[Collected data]

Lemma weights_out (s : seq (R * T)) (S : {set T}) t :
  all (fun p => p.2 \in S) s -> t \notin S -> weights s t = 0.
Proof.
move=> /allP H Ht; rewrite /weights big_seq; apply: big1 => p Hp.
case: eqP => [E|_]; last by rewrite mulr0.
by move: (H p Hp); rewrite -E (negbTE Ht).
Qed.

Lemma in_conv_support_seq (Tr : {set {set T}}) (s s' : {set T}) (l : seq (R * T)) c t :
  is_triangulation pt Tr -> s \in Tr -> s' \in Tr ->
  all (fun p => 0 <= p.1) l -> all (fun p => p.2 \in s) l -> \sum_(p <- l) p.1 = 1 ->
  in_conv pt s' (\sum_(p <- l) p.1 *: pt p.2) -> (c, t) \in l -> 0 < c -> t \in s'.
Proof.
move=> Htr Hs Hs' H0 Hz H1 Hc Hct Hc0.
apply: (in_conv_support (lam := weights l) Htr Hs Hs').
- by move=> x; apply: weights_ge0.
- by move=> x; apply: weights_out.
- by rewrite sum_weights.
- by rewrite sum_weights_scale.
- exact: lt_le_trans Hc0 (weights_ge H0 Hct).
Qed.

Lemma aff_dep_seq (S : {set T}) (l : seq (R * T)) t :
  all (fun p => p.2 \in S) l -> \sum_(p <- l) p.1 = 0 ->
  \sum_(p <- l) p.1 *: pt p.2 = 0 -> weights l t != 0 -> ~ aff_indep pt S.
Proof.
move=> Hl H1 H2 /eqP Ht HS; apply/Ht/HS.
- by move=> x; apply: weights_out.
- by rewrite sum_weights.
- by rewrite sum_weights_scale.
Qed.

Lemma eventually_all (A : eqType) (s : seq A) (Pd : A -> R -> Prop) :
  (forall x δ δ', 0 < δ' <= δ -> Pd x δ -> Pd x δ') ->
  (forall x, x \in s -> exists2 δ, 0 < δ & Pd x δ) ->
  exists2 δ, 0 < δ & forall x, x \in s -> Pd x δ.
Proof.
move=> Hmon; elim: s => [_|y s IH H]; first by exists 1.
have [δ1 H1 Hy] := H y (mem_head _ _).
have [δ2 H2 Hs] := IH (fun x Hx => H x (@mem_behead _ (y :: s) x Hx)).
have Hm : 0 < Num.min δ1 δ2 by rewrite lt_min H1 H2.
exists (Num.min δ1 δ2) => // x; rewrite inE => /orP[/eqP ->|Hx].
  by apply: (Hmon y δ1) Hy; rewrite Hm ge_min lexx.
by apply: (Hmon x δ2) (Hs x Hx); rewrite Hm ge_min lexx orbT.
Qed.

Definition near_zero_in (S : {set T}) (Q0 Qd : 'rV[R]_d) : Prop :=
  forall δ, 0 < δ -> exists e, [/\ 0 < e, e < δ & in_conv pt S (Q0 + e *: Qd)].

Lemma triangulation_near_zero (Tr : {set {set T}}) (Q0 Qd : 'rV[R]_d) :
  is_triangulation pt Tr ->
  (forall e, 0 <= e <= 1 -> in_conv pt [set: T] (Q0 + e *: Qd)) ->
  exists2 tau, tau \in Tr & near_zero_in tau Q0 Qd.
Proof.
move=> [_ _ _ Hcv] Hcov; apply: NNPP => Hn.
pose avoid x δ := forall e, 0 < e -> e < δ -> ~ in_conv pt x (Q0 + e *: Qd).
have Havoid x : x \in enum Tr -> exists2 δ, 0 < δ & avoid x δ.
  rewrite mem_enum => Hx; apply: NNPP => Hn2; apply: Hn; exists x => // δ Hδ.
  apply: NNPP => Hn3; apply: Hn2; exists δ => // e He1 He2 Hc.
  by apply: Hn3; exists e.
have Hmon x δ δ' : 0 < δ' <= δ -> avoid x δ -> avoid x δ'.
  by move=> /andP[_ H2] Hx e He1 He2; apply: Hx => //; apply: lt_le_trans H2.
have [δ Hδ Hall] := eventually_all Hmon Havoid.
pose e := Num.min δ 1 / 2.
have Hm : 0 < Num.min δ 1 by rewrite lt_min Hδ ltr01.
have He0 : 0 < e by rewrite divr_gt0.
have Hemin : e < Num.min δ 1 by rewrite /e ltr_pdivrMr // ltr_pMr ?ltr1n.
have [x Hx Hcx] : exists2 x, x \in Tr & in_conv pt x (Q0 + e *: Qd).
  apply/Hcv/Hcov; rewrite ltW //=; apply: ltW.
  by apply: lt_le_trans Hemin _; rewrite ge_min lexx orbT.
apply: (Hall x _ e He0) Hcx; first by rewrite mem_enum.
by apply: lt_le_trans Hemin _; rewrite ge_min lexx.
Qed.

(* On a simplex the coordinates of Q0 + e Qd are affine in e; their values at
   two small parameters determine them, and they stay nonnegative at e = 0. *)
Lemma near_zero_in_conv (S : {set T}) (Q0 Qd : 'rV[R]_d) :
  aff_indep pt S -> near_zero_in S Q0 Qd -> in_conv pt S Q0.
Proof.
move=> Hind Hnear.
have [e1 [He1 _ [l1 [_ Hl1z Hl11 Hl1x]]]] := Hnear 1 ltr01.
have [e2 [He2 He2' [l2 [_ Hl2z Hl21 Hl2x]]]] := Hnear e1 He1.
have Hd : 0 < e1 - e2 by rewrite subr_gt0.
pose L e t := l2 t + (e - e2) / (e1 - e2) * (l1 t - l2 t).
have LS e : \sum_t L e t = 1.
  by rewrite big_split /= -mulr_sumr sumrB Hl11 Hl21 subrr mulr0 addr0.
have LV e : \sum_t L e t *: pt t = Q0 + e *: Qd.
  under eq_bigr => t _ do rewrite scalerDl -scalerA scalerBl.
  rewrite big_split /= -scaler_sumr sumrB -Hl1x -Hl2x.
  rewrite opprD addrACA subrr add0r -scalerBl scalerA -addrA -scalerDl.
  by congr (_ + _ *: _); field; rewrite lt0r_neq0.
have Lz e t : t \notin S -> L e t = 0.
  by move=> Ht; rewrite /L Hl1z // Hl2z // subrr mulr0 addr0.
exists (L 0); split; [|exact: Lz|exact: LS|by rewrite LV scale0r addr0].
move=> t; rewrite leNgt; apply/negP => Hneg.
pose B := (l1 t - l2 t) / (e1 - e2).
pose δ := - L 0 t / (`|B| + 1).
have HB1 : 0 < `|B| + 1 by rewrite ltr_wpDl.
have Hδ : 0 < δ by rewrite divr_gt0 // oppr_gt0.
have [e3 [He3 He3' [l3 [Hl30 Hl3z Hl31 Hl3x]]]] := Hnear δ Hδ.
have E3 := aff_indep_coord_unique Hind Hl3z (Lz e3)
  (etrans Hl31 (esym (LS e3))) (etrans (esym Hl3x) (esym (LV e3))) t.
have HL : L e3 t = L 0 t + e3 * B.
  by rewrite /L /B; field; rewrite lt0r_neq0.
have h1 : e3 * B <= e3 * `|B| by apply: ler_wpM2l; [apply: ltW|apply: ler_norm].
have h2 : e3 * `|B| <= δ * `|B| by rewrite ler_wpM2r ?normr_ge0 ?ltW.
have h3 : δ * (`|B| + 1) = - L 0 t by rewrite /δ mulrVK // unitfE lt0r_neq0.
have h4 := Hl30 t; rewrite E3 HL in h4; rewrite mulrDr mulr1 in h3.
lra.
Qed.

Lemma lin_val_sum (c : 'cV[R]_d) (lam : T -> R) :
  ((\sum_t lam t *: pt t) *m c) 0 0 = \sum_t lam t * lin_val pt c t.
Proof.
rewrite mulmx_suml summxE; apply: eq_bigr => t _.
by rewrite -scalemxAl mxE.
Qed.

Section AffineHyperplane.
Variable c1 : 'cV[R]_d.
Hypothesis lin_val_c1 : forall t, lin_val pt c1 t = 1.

-- WHAT YOU NEED TO DO --
Write out only the lines from the very start of the entries above to the line that includes "all (fun p => 0", both ends included, each one unchanged.

-- EXPECTED OUTPUT --
Lemma weights_out (s : seq (R * T)) (S : {set T}) t :
  all (fun p => p.2 \in S) s -> t \notin S -> weights s t = 0.
Proof.
move=> /allP H Ht; rewrite /weights big_seq; apply: big1 => p Hp.
case: eqP => [E|_]; last by rewrite mulr0.
by move: (H p Hp); rewrite -E (negbTE Ht).
Qed.

Lemma in_conv_support_seq (Tr : {set {set T}}) (s s' : {set T}) (l : seq (R * T)) c t :
  is_triangulation pt Tr -> s \in Tr -> s' \in Tr ->
  all (fun p => 0 <= p.1) l -> all (fun p => p.2 \in s) l -> \sum_(p <- l) p.1 = 1 ->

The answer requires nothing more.